_Exercise requirements_
Your response should be the complete data, transcribed exactly.
(Beginning of Source records)
From HB Require Import structures.
From mathcomp Require Import all_boot all_order all_algebra.
From mathcomp Require Import complex.
From mathcomp Require Import all_classical all_reals all_analysis.
From mathcomp Require Import ring lra zify.
Import Order.TTheory GRing.Theory Num.Theory.
Local Open Scope ring_scope.

(* A word w of length k is sent by rho^a to xi^(a(#u(w) - #v(w))) w and by tau
   to the word with u and v exchanged.  Hence an invariant vanishes off the
   balanced words (#u = #v mod n) and is constant on the pairs {w, swapped w},
   so its dimension is (#balanced + [k = 0]) / 2.  Averaging the character
   w |-> xi^(#u - #v) over the cyclic group gives
   n #balanced = sum_a (xi^a + xi^-a)^k = sum_a (2 cos (2 pi a / n))^k, so
   H(t) = 1/2 + 1/(2n) sum_(a < n) 1 / (1 - 2 cos (2 pi a / n) t),
   and pairing a with n - a gives the two closed forms. *)

Section RootOfUnity.
Variables (R : realType) (n : nat).
Local Notation theta := (2 * pi / n%:R : R).
Local Notation cis x := ((cos x +i* sin x)%C : R[i]).

Lemma cisD (x y : R) : cis x * cis y = cis (x + y).
Proof. by rewrite cosD sinD; congr (Complex _ _); rewrite addrC. Qed.

Lemma xi_exp a : xi R n ^+ a = cis (a%:R * theta).
Proof.
have -> : xi R n = cis theta by rewrite [RHS]complexE.
elim: a => [|a IH]; first by rewrite expr0 mul0r cos0 sin0.
rewrite exprS IH cisD -addn1 natrD.
by congr (Complex (cos _) (sin _)); ring.
Qed.

Lemma xiV_exp a : (xi R n)^-1 ^+ a = cis (- (a%:R * theta)).
Proof. by rewrite exprVn xi_exp; apply: mulr1_eq; rewrite cisD subrr cos0 sin0. Qed.

Lemma xi_expn : (0 < n)%N -> xi R n ^+ n = 1.
Proof.
move=> n_gt0; rewrite xi_exp mulrCA mulrV ?unitfE ?pnatr_eq0 -?lt0n // mulr1.
by rewrite mulr_natl cos2pi sin2pi.
Qed.

Lemma xi_add_xiV_exp a :
  xi R n ^+ a + (xi R n)^-1 ^+ a = (2 * cos (a%:R * theta))%:C%C.
Proof. by rewrite xi_exp xiV_exp cosN sinN; congr (Complex _ _); rewrite ?subrr; ring. Qed.

End RootOfUnity.

(* rho multiplies the word s by [phase s]. *)
Definition phase (R : realType) (n : nat) (s : seq bool) : R[i] :=
  xi R n ^+ count id s * (xi R n)^-1 ^+ count negb s.

Definition balanced (R : realType) (n : nat) (s : seq bool) := phase R n s == 1.

Definition swap_letters {k} (w : k.-tuple bool) : k.-tuple bool := map_tuple negb w.

(* For k = 0 the empty word is its own swap and its own representative. *)
Definition orbit_rep {k} (w : k.-tuple bool) :=
  if head false w then w else swap_letters w.

Lemma phase_cons (R : realType) n b s :
  phase R n (b :: s) = (if b then xi R n else (xi R n)^-1) * phase R n s.
Proof.
by case: b; rewrite /phase /= ?add1n ?add0n exprS; [rewrite mulrA | rewrite mulrCA].
Qed.

Lemma phase_swap (R : realType) n k (w : k.-tuple bool) :
  phase R n (swap_letters w) = (phase R n w)^-1.
Proof.
have swap_count : count negb (map negb w) = count id w.
  by rewrite count_map; apply: eq_count => b /=; rewrite negbK.
by rewrite /phase /= swap_count count_map invfM -!exprVn invrK mulrC.
Qed.

Lemma balanced_swap (R : realType) n k (w : k.-tuple bool) :
  balanced R n (swap_letters w) = balanced R n w.
Proof. by rewrite /balanced phase_swap invr_eq1. Qed.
(End of Source records)
_Your response_
From HB Require Import structures.
From mathcomp Require Import all_boot all_order all_algebra.
From mathcomp Require Import complex.
From mathcomp Require Import all_classical all_reals all_analysis.
From mathcomp Require Import ring lra zify.
Import Order.TTheory GRing.Theory Num.Theory.
Local Open Scope ring_scope.

(* A word w of length k is sent by rho^a to xi^(a(#u(w) - #v(w))) w and by tau
   to the word with u and v exchanged.  Hence an invariant vanishes off the
   balanced words (#u = #v mod n) and is constant on the pairs {w, swapped w},
   so its dimension is (#balanced + [k = 0]) / 2.  Averaging the character
   w |-> xi^(#u - #v) over the cyclic group gives
   n #balanced = sum_a (xi^a + xi^-a)^k = sum_a (2 cos (2 pi a / n))^k, so
   H(t) = 1/2 + 1/(2n) sum_(a < n) 1 / (1 - 2 cos (2 pi a / n) t),
   and pairing a with n - a gives the two closed forms. *)

Section RootOfUnity.
Variables (R : realType) (n : nat).
Local Notation theta := (2 * pi / n%:R : R).
Local Notation cis x := ((cos x +i* sin x)%C : R[i]).

Lemma cisD (x y : R) : cis x * cis y = cis (x + y).
Proof. by rewrite cosD sinD; congr (Complex _ _); rewrite addrC. Qed.

Lemma xi_exp a : xi R n ^+ a = cis (a%:R * theta).
Proof.
have -> : xi R n = cis theta by rewrite [RHS]complexE.
elim: a => [|a IH]; first by rewrite expr0 mul0r cos0 sin0.
rewrite exprS IH cisD -addn1 natrD.
by congr (Complex (cos _) (sin _)); ring.
Qed.

Lemma xiV_exp a : (xi R n)^-1 ^+ a = cis (- (a%:R * theta)).
Proof. by rewrite exprVn xi_exp; apply: mulr1_eq; rewrite cisD subrr cos0 sin0. Qed.

Lemma xi_expn : (0 < n)%N -> xi R n ^+ n = 1.
Proof.
move=> n_gt0; rewrite xi_exp mulrCA mulrV ?unitfE ?pnatr_eq0 -?lt0n // mulr1.
by rewrite mulr_natl cos2pi sin2pi.
Qed.

Lemma xi_add_xiV_exp a :
  xi R n ^+ a + (xi R n)^-1 ^+ a = (2 * cos (a%:R * theta))%:C%C.
Proof. by rewrite xi_exp xiV_exp cosN sinN; congr (Complex _ _); rewrite ?subrr; ring. Qed.

End RootOfUnity.

(* rho multiplies the word s by [phase s]. *)
Definition phase (R : realType) (n : nat) (s : seq bool) : R[i] :=
  xi R n ^+ count id s * (xi R n)^-1 ^+ count negb s.

Definition balanced (R : realType) (n : nat) (s : seq bool) := phase R n s == 1.

Definition swap_letters {k} (w : k.-tuple bool) : k.-tuple bool := map_tuple negb w.

(* For k = 0 the empty word is its own swap and its own representative. *)
Definition orbit_rep {k} (w : k.-tuple bool) :=
  if head false w then w else swap_letters w.

Lemma phase_cons (R : realType) n b s :
  phase R n (b :: s) = (if b then xi R n else (xi R n)^-1) * phase R n s.
Proof.
by case: b; rewrite /phase /= ?add1n ?add0n exprS; [rewrite mulrA | rewrite mulrCA].
Qed.

Lemma phase_swap (R : realType) n k (w : k.-tuple bool) :
  phase R n (swap_letters w) = (phase R n w)^-1.
Proof.
have swap_count : count negb (map negb w) = count id w.
  by rewrite count_map; apply: eq_count => b /=; rewrite negbK.
by rewrite /phase /= swap_count count_map invfM -!exprVn invrK mulrC.
Qed.

Lemma balanced_swap (R : realType) n k (w : k.-tuple bool) :
  balanced R n (swap_letters w) = balanced R n w.
Proof. by rewrite /balanced phase_swap invr_eq1. Qed.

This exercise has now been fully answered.